SpaceX rocket booster heads west for first California launch in more than a year

SpaceX's first California launch in more than a year could be just a handful of months away. (SpaceX)

For the first time in more than 16 months, a SpaceX Falcon 9 rocket booster has been spotted heading west towards the company’s California pad, a sure sign that the next West Coast launch is just over the horizon.

First spotted in West Texas on August 20th, the Falcon 9 booster – wrapped in a class black plastic cocoon – was captured a second time three days later between Arizona and California. The rocket wrapped up the ~2600 kilometer (~1600 mi) journey from SpaceX’s McGregor, Texas development and test facilities early on August 24th, arriving at the company’s Vandenberg Air Force Base (VAFB) Space Launch Complex 4 (SLC-4) facilities.

At least according to publicly-available launch manifests, the unknown Falcon 9 booster will be spending a fair bit of time in SpaceX’s SLC-4E hangar before its first Californian launch. Still, considering that many misinterpreted a year-old regulatory document as confirmation of SpaceX’s permanent withdrawal from VAFB just earlier this month, a surprise booster arrival is an encouraging sign.

SpaceX’s first California launch in more than a year could be just a handful of months away. (SpaceX)

As of now, SpaceX has two or three possible West Coast missions scheduled in the last few months of 2020, but there’s a strong chance that they’ll suffer delays as they near their tentative launch dates. Up first is the joint NASA-ESA Sentinel 6A (Sentinel 6 Michael Freilich, Jason-CS A) ocean topography satellite, one of two new spacecraft meant to continue work done by the Jason-3 spacecraft (launched by SpaceX in 2016). According to a joint review completed on June 25th and referenced in an official document (PDF), SpaceX and NASA are working towards the first Sentinel 6A launch attempt no earlier than (NET) November 10th, 2020.

NASA awarded SpaceX the $97 million launch contract in 2017, all but guaranteeing that Sentinel 6A will fly on a brand new Falcon 9 booster. The fact that the booster spotted in transport over the last week was never seen East of Texas strongly implies that it’s a new Falcon 9 SpaceX tested in McGregor before shipping back to California, in which case Sentinel 6A is almost certainly SpaceX’s next VAFB launch.

Built by Airbus, the Sentinel 6A satellite weighs around 1500 kg (3300 lb) and will likely fly to California within the next 1-2 months. (ESA)

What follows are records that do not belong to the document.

(* Let $n\ge q\ge1$ and let $\mathcal{S}$ be a set of two-factor interactions $F_iF_j$ among $n$ factors $F_1,\dots,F_n$. Suppose at least one of the following holds: (i) every factor appears in at most $2^q-1$ interactions of $\mathcal{S}$, and there is no set of $2^q$ factors such that $\mathcal{S}$ contains all $\binom{2^q}{2}$ pairwise interactions among them; (ii) there are at most $2^q-1$ factors each of which appears in at least $2^q-1$ interactions of $\mathcal{S}$. Then there exists a blocked $2^n$ factorial in blocks of size $2^q$ from which all main effects and all interactions in $\mathcal{S}$ are estimable.
   Context: A blocked $2^n$ factorial in blocks of size $2^q$ is specified by a $q\times n$ generator matrix $X$ over $\mathrm{GF}(2)$ of rank $q$: the principal block is the row space of $X$ and the other blocks are its cosets in $\mathrm{GF}(2)^n$. An effect of a set $S$ of factors, with contrast $(-1)^{\sum_{j\in S}x_j}$, is estimable iff its contrast sums to zero over every block. *)

From HB Require Import structures.
From mathcomp Require Import all_boot all_order all_algebra.
Set Implicit Arguments. Unset Strict Implicit. Unset Printing Implicit Defensive.
Import GRing.Theory.
Local Open Scope ring_scope.

(* Treatment combinations are row vectors x in GF(2)^n.  A blocking scheme
   is given by a generator matrix X : 'M['F_2]_(q, n) of rank q; the
   principal block is the row space of X and the blocks are its cosets
   a + rowspace(X), i.e. the x with (x - a) in the row space of X. *)
Definition in_block (q n : nat) (X : 'M['F_2]_(q, n)) (a x : 'rV['F_2]_n) : bool :=
  ((x - a) <= X)%MS.

Definition contrast (n : nat) (T : {set 'I_n}) (x : 'rV['F_2]_n) : int :=
  (-1) ^+ (nat_of_ord (\sum_(j in T) x 0 j)).

Definition estimable (q n : nat) (X : 'M['F_2]_(q, n)) (T : {set 'I_n}) : Prop :=
  forall a : 'rV['F_2]_n,
    \sum_(x : 'rV['F_2]_n | in_block X a x) contrast T x = 0.

(* A two-factor interaction F_iF_j (i <> j) is represented by the 2-set {i, j}. *)
Definition two_factor_interactions (n : nat) (S : {set {set 'I_n}}) : Prop :=
  forall s, s \in S -> #|s| = 2%N.

Definition fdeg (n : nat) (S : {set {set 'I_n}}) (i : 'I_n) : nat :=
  #|[set s in S | i \in s]|.

From HB Require Import structures.
From mathcomp Require Import all_boot all_order all_algebra perm.
From mathcomp Require Import zify.
From Stdlib Require Classical_Prop.

(* Give each factor i a column col_i in GF(2)^q; these are the columns of the
   q x n generator matrix X.  The effect of a factor set T is estimable as
   soon as some vector r of the row space of X has odd weight on T, since the
   translation x |-> x + r permutes every block and negates the contrast of
   T.  Hence all main effects are estimable when every column is nonzero, and
   the interaction F_iF_j when col_i <> col_j.  So it suffices to colour the
   interaction graph of S (factors adjacent when their interaction is in S)
   properly with the 2^q - 1 nonzero vectors of GF(2)^q; the rank of X is
   then raised to q (possible as q <= n) by replacing a column occurring in
   a linear dependency by a vector outside the column space.

   Such a colouring exists under (ii) by greedy colouring along a degeneracy
   order, and under (i) by Brooks' theorem for k = 2^q - 1 >= 3 (for q = 1
   the graph has no edges), proved by the classical Kempe-chain argument on a
   minimal non-colourable vertex set. *)

Section Colouring.
Variable V : finType.
Variable e : rel V.
Hypothesis e_sym : symmetric e.
Hypothesis e_irr : irreflexive e.
Variable k : nat.

Definition proper_colouring (U : {set V}) (c : V -> 'I_k) :=
  forall x y, x \in U -> y \in U -> e x y -> c x != c y.

Definition recol (c : V -> 'I_k) (u : V) (m : 'I_k) : V -> 'I_k :=
  fun z => if z == u then m else c z.

Lemma proper_sub (A B : {set V}) (c : V -> 'I_k) :
  A \subset B -> proper_colouring B c -> proper_colouring A c.
Proof. by move=> /subsetP sAB hB x y hx hy; apply: hB; apply: sAB. Qed.

Lemma proper_recol (U : {set V}) x (c : V -> 'I_k) m : x \in U ->
  proper_colouring (U :\ x) c -> (forall y, y \in U :\ x -> e x y -> c y != m) ->
  proper_colouring U (recol c x m).
Proof.
move=> hx hc hm y z hy hz hyz; rewrite /recol.
have inD w : w \in U -> w != x -> w \in U :\ x by rewrite !inE => -> ->.
case: (y =P x) => [eyx | /eqP nyx]; case: (z =P x) => [ezx | /eqP nzx].
- by subst; rewrite e_irr in hyz.
- by rewrite eq_sym; apply: hm; [exact: inD | rewrite -eyx].
- by apply: hm; [exact: inD | rewrite -ezx e_sym].
- by apply: hc => //; apply: inD.
Qed.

In the likely event that the booster that arrived at VAFB on August 24th is unflown, it’s probably Falcon 9 B1063. Germany’s SARah-1 radar imaging satellite is possibly the only other West Coast launch on SpaceX’s manifest that could warrant sending a new booster to California, but recent signs point towards that ~2200 kg (4850 lb) spacecraft launching in Q1 2021 (a delay from Q4 2020) as part of a dedicated SpaceX rideshare mission.

Less likely, SARah-1 could have been manifested on SpaceX’s first dedicated rideshare mission, scheduled to launch in December 2020. Either way, as fairly complex and expensive one-off science spacecraft, both SARah-1 and Sentinel 6A are liable to slip right from their current launch targets, meaning that Falcon 9 B1063 will likely spend at least 2-3 months in storage between now and the start of its first launch flow.

A panorama of SpaceX’s VAFB SLC-4 launch pad and Landing Zone-4. (Eric Ralph)
Falcon 9 B1049 readies for its January 2019 Iridium NEXT-8 launch from SLC-4E. (SpaceX)

Regardless of the payload or the first stage launching it, SpaceX shipped its former West Coast drone ship landing platform to Florida more than a year ago. Any Falcon 9 booster launching from California will thus have to be expended or land back on land at LZ-4.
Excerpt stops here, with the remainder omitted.